Pourtant, Iseut aux Blanches Mains s’étonnait de l’entendre soupirer, étendu à ses côtés. Elle lui dit enfin, un peu honteuse : « Cher seigneur, vous ai-je offensé en quelque chose ? Pourquoi ne me donnez-vous pas un seul baiser ? Dites-le moi, que je connaisse mon tort, et je vous en ferai belle amendise, si je puis. – Amie, dit Tristan, ne vous courroucez pas, mais j’ai fait un vœu. Naguère, en un autre pays, j’ai combattu un dragon, et j’allais périr, quand je me suis souvenu de la Mère de Dieu : je lui ai promis que, délivré du monstre par sa courtoisie, si jamais je prenais femme, tout un an je m’abstiendrais de l’accoler et de l’embrasser… – Or donc, dit Iseut aux Blanches Mains, je le souffrirai bonnement ».

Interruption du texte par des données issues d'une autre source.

Lemma cfdot_mult_cfun i : '[mult_cfun, 'chi_i] * #|G|%:R = char_sum S i.
Proof.
rewrite cfdotE mulrC mulrA mulfV ?neq0CG // mul1r /char_sum sum_seq_count.
rewrite (eq_bigl xpredT) => [|x]; last by rewrite inE.
by apply: eq_bigr => x _; rewrite mult_cfunE irr_inv.
Qed.

Lemma mult_irr_convolution i g :
  \sum_t (count_mem t S)%:R * 'chi_i (g * t^-1)%g = cayley_eig S i * 'chi_i g.
Proof.
transitivity (\sum_t \sum_j '[mult_cfun, 'chi_j] * ('chi_j t * 'chi_i (g * t^-1)%g)).
  apply: eq_bigr => t _; rewrite -mult_cfunE {1}[mult_cfun]cfun_sum_cfdot.
  by rewrite sum_cfunE mulr_suml; apply: eq_bigr => j _; rewrite cfunE mulrA.
rewrite exchange_big /=.
under eq_bigr do rewrite -mulr_sumr irr_convolution.
rewrite (bigD1 i) //= big1 ?addr0 => [|j nji]; last first.
  by rewrite eq_sym (negbTE nji) !mul0r mulr0.
by rewrite eqxx mul1r mulrA cfdot_mult_cfun mulrA mulrAC.
Qed.

Lemma irr_mx_cayley_adj i : irr_mx i *m cayley_adj S = cayley_eig S i *: irr_mx i.
Proof.
apply/matrixP => a b; rewrite !mxE.
under eq_bigr do rewrite !mxE.
rewrite (sum_enum_val (fun u => 'chi_i (enum_val a * u^-1)%g
                                 * (count_mem (u * (enum_val b)^-1)%g S)%:R)).
rewrite (reindex_inj (mulIg (enum_val b))) /= -mult_irr_convolution.
by apply: eq_bigr => t _; rewrite mulgK invMg mulgA mulrC.
Qed.

Lemma cayley_adj_irr_mx i : cayley_adj S *m irr_mx i = cayley_eig S i *: irr_mx i.
Proof.
apply/matrixP => a b; rewrite !mxE.
under eq_bigr do rewrite !mxE.
rewrite (sum_enum_val (fun u => (count_mem (enum_val a * u^-1)%g S)%:R
                                 * 'chi_i (u * (enum_val b)^-1)%g)).
rewrite (reindex_inj (inj_comp (mulIg (enum_val a)) invg_inj)) /=.
rewrite -mult_irr_convolution; apply: eq_bigr => t _.
rewrite invMg invgK mulgA mulgV mul1g; congr (_ * _).
set g := (enum_val a * (enum_val b)^-1)%g.
have -> : (g * t^-1 = (t^-1 * g) ^ t^-1)%g by rewrite conjgE invgK !mulgA mulgV mul1g.
by rewrite cfunJ ?inE // mulgA.
Qed.

(* The rows of [irr_mx i] are eigenvectors, and every eigenvector has a
   nonzero projection [v *m irr_mx i] for some [i] by [sum_irr_mx]. *)
Lemma eigenvalue_cayley_adj mu :
  eigenvalue (cayley_adj S) mu <-> exists i, mu = cayley_eig S i.
Proof.
split=> [/eigenvalueP[v vA nz_v] | [i ->]]; last first.
  apply/eigenvalueP; exists (row (enum_rank (1%g : gT)) (irr_mx i)).
    by rewrite -row_mul irr_mx_cayley_adj !rowE scalemxAr.
  apply/eqP => /rowP /(_ (enum_rank (1%g : gT))); rewrite !mxE mulgV.
  exact/eqP/irr1_neq0.
have : v *m (\sum_i 'chi_i 1%g *: irr_mx i) != 0.
  rewrite sum_irr_mx -scalemxAr mulmx1 scaler_eq0 negb_or nz_v andbT.
  by rewrite pnatr_eq0 -lt0n; apply/card_gt0P; exists 1%g.
rewrite mulmx_sumr => nz_sum.
have /existsP[i nz_vi] : [exists i, v *m irr_mx i != 0].
  apply: contraR nz_sum => /existsPn vi0; apply/eqP; rewrite big1 // => i _.
  by rewrite -scalemxAr (eqP (negPn (vi0 i))) scaler0.
exists i; apply/eqP; rewrite -subr_eq0.
have : (v *m cayley_adj S) *m irr_mx i = cayley_eig S i *: (v *m irr_mx i).
  by rewrite -mulmxA cayley_adj_irr_mx scalemxAr.
rewrite vA -scalemxAl => /eqP.
by rewrite -subr_eq0 -scalerBl scaler_eq0 (negbTE nz_vi) orbF.
Qed.

End Spectrum.

Lemma char_sum_inj S S' :
  normal_mset S -> normal_mset S' -> char_sum S =1 char_sum S' -> perm_eq S S'.
Proof.
move=> nS nS' eqS.
have eq_mult : mult_cfun nS = mult_cfun nS'.
  rewrite [LHS]cfun_sum_cfdot [RHS]cfun_sum_cfdot; apply: eq_bigr => i _.
  by congr (_ *: _); apply: (mulIf (neq0CG G)); rewrite !cfdot_mult_cfun.
apply/allP => x _; apply/eqP.
move/(congr1 (fun f : 'CF(G) => f x))/eqP: eq_mult.
by rewrite !mult_cfunE eqr_nat => /eqP.
Qed.

Section GaloisAction.
Variables (u : {rmorphism algC -> algC}) (h : nat).
Hypothesis u_exp : forall e, e ^+ #|gT| = 1 -> u e = e ^+ h.

(* Restricted to the cyclic group <[g]>, ['chi_i] is a sum of linear
   characters, whose values are #|G|-th roots of unity. *)
Lemma rmorph_irr_expg i (g : gT) : u ('chi_i g) = 'chi_i (g ^+ h)%g.
Proof.
have sub_g : <[g]>%g \subset G by apply: subsetT.
rewrite -(cfResE _ sub_g (cycle_id g)) -(cfResE _ sub_g (mem_cycle g h)).
have [r ->] := char_sum_irr (cfRes_char <[g]>%G (irr_char i)).
rewrite !sum_cfunE rmorph_sum; apply: eq_bigr => j _.
have lin_j := irr_cyclic_lin j (cycle_cyclic g).
rewrite lin_charX ?cycle_id //; apply: u_exp.
have /dvdnP[q ->] : (#[g]%g %| #|gT|)%N by rewrite -cardsT order_dvdG ?inE.
by rewrite mulnC exprM lin_char_unity_root ?cycle_id ?expr1n.
Qed.

Lemma rmorph_cayley_eig S i :
  u (cayley_eig S i) = cayley_eig [seq (x ^+ h)%g | x <- S] i.
Proof.
rewrite /cayley_eig /char_sum fmorph_div rmorph_sum big_map rmorph_irr_expg expg1n.
by congr (_ / _); apply: eq_bigr => y _; rewrite rmorph_irr_expg expVgn.
Qed.

Lemma cayley_eig_fixedP S :
  normal_mset S ->
  (forall i, u (cayley_eig S i) = cayley_eig S i)
    <-> perm_eq [seq (x ^+ h)%g | x <- S] S.
Proof.
move=> nS; split=> [fixS | permS i]; last first.
  by rewrite rmorph_cayley_eig /cayley_eig /char_sum (perm_big _ permS).
apply: char_sum_inj => //; first exact: normal_mset_expg.
move=> i; apply: (mulIf (invr_neq0 (irr1_neq0 i))).
by rewrite -[LHS]/(cayley_eig _ i) -rmorph_cayley_eig fixS.
Qed.

End GaloisAction.
End NormalMultiset.

Section SubfieldPred.
Variable K : algC -> Prop.
Hypothesis sK : is_subfield K.

Lemma subfield0 : K 0. Proof. by case: sK. Qed.
Lemma subfield1 : K 1. Proof. by case: sK. Qed.
Lemma subfieldD x y : K x -> K y -> K (x + y).
Proof. by case: sK => _ _ + _ _; apply. Qed.
Lemma subfieldN x : K x -> K (- x).
Proof. by case: sK => _ _ _ + _; apply. Qed.
Lemma subfieldM x y : K x -> K y -> K (x * y).
Proof. by case: sK => _ _ _ _ [+ _]; apply. Qed.

Lemma subfieldV x : K x -> K x^-1.
Proof.
case: sK => _ _ _ _ [_ KV] Kx; have [->|nz_x] := eqVneq x 0; last exact: KV.
by rewrite invr0; apply: subfield0.
Qed.

Lemma subfield_div x y : K x -> K y -> K (x / y).
Proof. by move=> Kx Ky; apply: subfieldM Kx (subfieldV Ky). Qed.

Lemma subfieldX x k : K x -> K (x ^+ k).
Proof.
move=> Kx; elim: k => [|k IHk]; first by rewrite expr0; apply: subfield1.
by rewrite exprS; apply: subfieldM.
Qed.

Lemma subfield_nat k : K k%:R.
Proof.
elim: k => [|k IHk]; first exact: subfield0.
by rewrite -addn1 natrD; apply: subfieldD => //; apply: subfield1.
Qed.

Lemma subfield_rat q : K (ratr q).
Proof.
have Kint (m : int) : K m%:~R.
  by case: m => k; rewrite ?NegzE ?mulrNz; [|apply: subfieldN]; apply: subfield_nat.
exact: subfield_div.
Qed.

Lemma subfield_sum (I : Type) (r : seq I) (P : pred I) (F : I -> algC) :
  (forall i, K (F i)) -> K (\sum_(i <- r | P i) F i).
Proof.
by move=> KF; apply: (big_ind K) => //; [exact: subfield0 | exact: subfieldD].
Qed.

Section Adjoin.
Variables (L : fieldExtType rat) (f : {rmorphism L -> algC}).

Lemma subfield_rmorph_adjoin (M : {subfield L}) (rs : seq L) :
  (forall a, a \in M -> K (f a)) -> (forall y, y \in rs -> K (f y)) ->
  forall a, a \in <<M & rs>>%VS -> K (f a).
Proof.
elim: rs M => [|y rs IH] M KM Krs a.
  by rewrite adjoin_nil subfield_closed; apply: KM.
rewrite adjoin_cons; apply: (IH <<M; y>>%AS) => [b|y' y'rs]; last first.
  by apply: Krs; rewrite in_cons y'rs orbT.
case/Fadjoin_polyP => p /polyOverP pM ->.
rewrite -horner_map horner_coef; apply: subfield_sum => i.
rewrite coef_map; apply: subfieldM; first exact: KM.
by apply: subfieldX; apply: Krs; rewrite mem_head.
Qed.

Lemma subfield_rmorph_adjoin1 (rs : seq L) :
  (forall y, y \in rs -> K (f y)) -> forall a, a \in <<1 & rs>>%VS -> K (f a).
Proof.
apply: (subfield_rmorph_adjoin (M := 1%AS)) => a /vlineP[c ->].
by rewrite rmorphZ_num rmorph1 mulr1; apply: subfield_rat.
Qed.

End Adjoin.

Lemma fixed_subfield (P : {rmorphism algC -> algC} -> Prop) :
  is_subfield (fun x => K x /\ forall nu, P nu -> nu x = x).
Proof.
split.
- by split=> [|nu _]; [exact: subfield0 | exact: rmorph0].
- by split=> [|nu _]; [exact: subfield1 | exact: rmorph1].
- move=> x y [Kx fix_x] [Ky fix_y]; split=> [|nu Pnu]; first exact: subfieldD.
  by rewrite rmorphD fix_x ?fix_y.
- move=> x [Kx fix_x]; split=> [|nu Pnu]; first exact: subfieldN.
  by rewrite rmorphN fix_x.
split.
- move=> x y [Kx fix_x] [Ky fix_y]; split=> [|nu Pnu]; first exact: subfieldM.
  by rewrite rmorphM fix_x ?fix_y.
- move=> x [Kx fix_x] _; split=> [|nu Pnu]; first exact: subfieldV.
  by rewrite fmorphV fix_x.
Qed.

End SubfieldPred.

Lemma gen_field_subfield P : is_subfield (gen_field P).
Proof.
split=> [K sK _|K sK _|x y Px Py K sK PK|x Px K sK PK|].
- exact: subfield0.
- exact: subfield1.
- by apply: subfieldD => //; [apply: Px | apply: Py].
- by apply: subfieldN => //; apply: Px.
split=> [x y Px Py K sK PK|x Px _ K sK PK].
- by apply: subfieldM => //; [apply: Px | apply: Py].
- by apply: subfieldV => //; apply: Px.
Qed.

Lemma gen_field_gen (P : algC -> Prop) y : P y -> gen_field P y.
Proof. by move=> Py K _; apply. Qed.

Lemma gen_field_min (P K : algC -> Prop) :
  is_subfield K -> (forall y, P y -> K y) -> forall x, gen_field P x -> K x.
Proof. by move=> sK PK x; apply. Qed.

Lemma rmorph_image_subfield (F : fieldType) (f : {rmorphism F -> algC}) :
  is_subfield (fun x => exists a, x = f a).
Proof.
split.
- by exists 0; rewrite rmorph0.
- by exists 1; rewrite rmorph1.
- by move=> _ _ [a ->] [b ->]; exists (a + b); rewrite rmorphD.
- by move=> _ [a ->]; exists (- a); rewrite rmorphN.
split.
- by move=> _ _ [a ->] [b ->]; exists (a * b); rewrite rmorphM.
- by move=> _ [a ->] _; exists a^-1; rewrite fmorphV.
Qed.

Lemma Qdim_rmorph_image (L : fieldExtType rat) (f : {rmorphism L -> algC})
    (E : {vspace L}) (K : algC -> Prop) :
  (forall x, K x <-> exists2 a, a \in E & x = f a) -> Qdim K (\dim E).
Proof.
move=> KE; exists (fun i => f (vbasis E)`_i); split.
- move=> i; apply/KE; exists (vbasis E)`_i => //.
  by apply: vbasis_mem; apply: mem_nth; rewrite size_tuple.
- move=> c sum0; have /freeP := basis_free (vbasisP E); apply.
  apply: (fmorph_inj f); rewrite rmorph0 -sum0 rmorph_sum.
  by apply: eq_bigr => i _; rewrite rmorphZ_num.
- move=> x /KE[a Ea ->]; exists (fun i => coord (vbasis E) i a).
  rewrite {1}(coord_vbasis Ea) rmorph_sum.
  by apply: eq_bigr => i _; rewrite rmorphZ_num.
Qed.

Section Cyclotomic.
Variables (n : nat) (Qn : splittingFieldType rat) (QnC : {rmorphism Qn -> algC}).
Variable w : Qn.
Hypotheses (prim_w : n.-primitive_root w) (genQn : <<1; w>>%VS = fullv).

Lemma gal_unity_root (s : gal_of {:Qn}) : s w ^+ n = 1.
Proof. by rewrite -rmorphXn prim_expr_order // rmorph1. Qed.

Definition gal_exp (s : gal_of {:Qn}) : 'I_n :=
  sval (prim_rootP prim_w (gal_unity_root s)).

Lemma gal_expE (s : gal_of {:Qn}) : s w = w ^+ gal_exp s.
Proof. by rewrite /gal_exp; case: prim_rootP. Qed.

Lemma coprime_gal_exp (s : gal_of {:Qn}) : coprime (gal_exp s) n.
Proof.
have : n.-primitive_root (s w) by rewrite fmorph_primitive_root.
by rewrite gal_expE prim_root_exp_coprime.
Qed.

Lemma gal_exp_inj : injective gal_exp.
Proof.
move=> s t eq_st; apply/eqP/gal_eqP => a _.
have : a \in <<1; w>>%VS by rewrite genQn memvf.
case/Fadjoin_polyP => p /allP p1 ->.
rewrite -!horner_map /= !gal_expE eq_st.
have fix1 (r : gal_of {:Qn}) (c : Qn) : c \in (p : seq Qn) -> r c = c.
  by move=> /p1/vlineP[k ->]; rewrite linearZ /= rmorph1.
by rewrite !map_poly_id // => c /fix1.
Qed.

Lemma gal_exp_surj (h : 'I_n) : coprime h n ->
  exists s : gal_of {:Qn}, exists nu : {rmorphism algC -> algC},
    [/\ forall e, e ^+ n = 1 -> nu e = e ^+ h,
        {morph QnC : a / s a >-> nu a},
        s \in 'Gal({:Qn} / 1)%g & gal_exp s = h].
Proof.
move=> co_h; have [nuC nuC_exp] := Qn_aut_exists co_h.
have [nuQ DnuQ] := restrict_aut_to_normal_num_field QnC nuC.
have hom_nu : kHom 1 {:Qn} (linfun nuQ).
  rewrite k1HomE; apply/ahom_inP.
  by split=> [a b|]; rewrite !lfunE ?rmorphM ?rmorph1.
have [|s Gs Ds] := kHom_to_gal _ (normalFieldf 1) hom_nu; first by rewrite !subvf.
have DsC a : QnC (s a) = nuC (QnC a) by rewrite -Ds ?memvf // lfunE DnuQ.
exists s, nuC; split=> //; apply: val_inj => /=; apply/eqP.
have : QnC (s w) = QnC (w ^+ h).
  by rewrite DsC nuC_exp ?rmorphXn // prim_expr_order // fmorph_primitive_root.
move/fmorph_inj; rewrite gal_expE => /eqP.
by rewrite (eq_prim_root_expr prim_w) !modn_small.
Qed.

Lemma card_gal_cyclotomic : #|'Gal({:Qn} / 1)%g| = totient n.
Proof.
have <- : #|[set h : 'I_n | coprime h n]| = totient n.
  rewrite totient_count_coprime big_mkord -sum1_card big_mkcond /=.
  by apply: eq_bigr => i _; rewrite inE coprime_sym; case: coprime.
rewrite -(card_in_imset (f := gal_exp)) => [|s t _ _]; last exact: gal_exp_inj.
apply: eq_card => h; rewrite inE; apply/imsetP/idP => [[s _ ->]|co_h].
  exact: coprime_gal_exp.
by have [s [nu [_ _ Gs <-]]] := gal_exp_surj co_h; exists s.
Qed.

End Cyclotomic.

Section SpectralField.
Variables (gT : finGroupType) (S : seq gT) (z : algC).
Hypothesis nS : normal_mset S.
Local Notation n := #|gT|.
Local Notation G := [set: gT]%G.
Hypothesis prim_z : n.-primitive_root z.

(* [Qn] is Q(zeta_n) with the properties supplied by [group_num_field_exists]. *)
Variables (Qn : splittingFieldType rat) (QnC : {rmorphism Qn -> algC}) (w : Qn).
Hypothesis galQn : galois 1 {:Qn}.
Hypothesis gal_extends : forall s : gal_of {:Qn},
  {nu : {rmorphism algC -> algC} | {morph QnC : a / s a >-> nu a}}.
Hypotheses (prim_w : n.-primitive_root w) (genQn : <<1; w>>%VS = fullv).
Hypothesis QnC_irr : forall (i : Iirr G) x, {a | QnC a = 'chi_i x}.

Local Notation spec := (spec_field (cayley_adj S)).
Local Notation Qz := (gen_field (fun y => y = z)).

Definition Hstar_fixed x :=
  Qz x /\ forall nu : {rmorphism algC -> algC},
    (exists2 h, h \in Hstar S & nu z = z ^+ h) -> nu x = x.

Lemma prim_QnC_w : n.-primitive_root (QnC w).
Proof. by rewrite fmorph_primitive_root. Qed.

Lemma QnC_w_exp : exists j, QnC w = z ^+ j.
Proof. by have [j ->] := prim_rootP prim_z (prim_expr_order prim_QnC_w); exists j. Qed.

Lemma z_exp : exists j, z = QnC w ^+ j.
Proof. by have [j ->] := prim_rootP prim_QnC_w (prim_expr_order prim_z); exists j. Qed.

Mais quand les servantes, au matin, lui ajustèrent la guimpe des femmes épousées, elle sourit tristement, et songea qu’elle n’avait guère droit à cette parure.
À quelques jours de là, le duc Hoël, son sénéchal et tous ses veneurs, Tristan, Iseut aux Blanches Mains et Kaherdin sortirent ensemble du château pour chasser en forêt. Sur une route étroite, Tristan chevauchait à la gauche de Kaherdin, qui de sa main droite retenait par les rênes le palefroi d’Iseut aux Blanches Mains.
Or, le palefroi buta dans une flaque d’eau. Son sabot fit rejaillir l’eau si fort jusque sous les vêtements d’Iseut qu’elle en fut toute mouillée et sentit la froidure plus haut que son genou. Elle jeta un cri léger, et d’un coup d’éperon enleva son cheval en riant d’un rire si haut et si clair que Kaherdin, poignant après elle et l’ayant rejointe, lui demanda : « Belle sœur, pourquoi riez-vous ? – Pour un penser qui me vint, beau frère. Quand cette eau a jailli vers moi, je lui ai dit : « Eau, tu es plus hardie que ne fut jamais le hardi Tristan ! » C’est de quoi j’ai ri. Mais déjà j’ai trop parlé, frère, et m’en repens ».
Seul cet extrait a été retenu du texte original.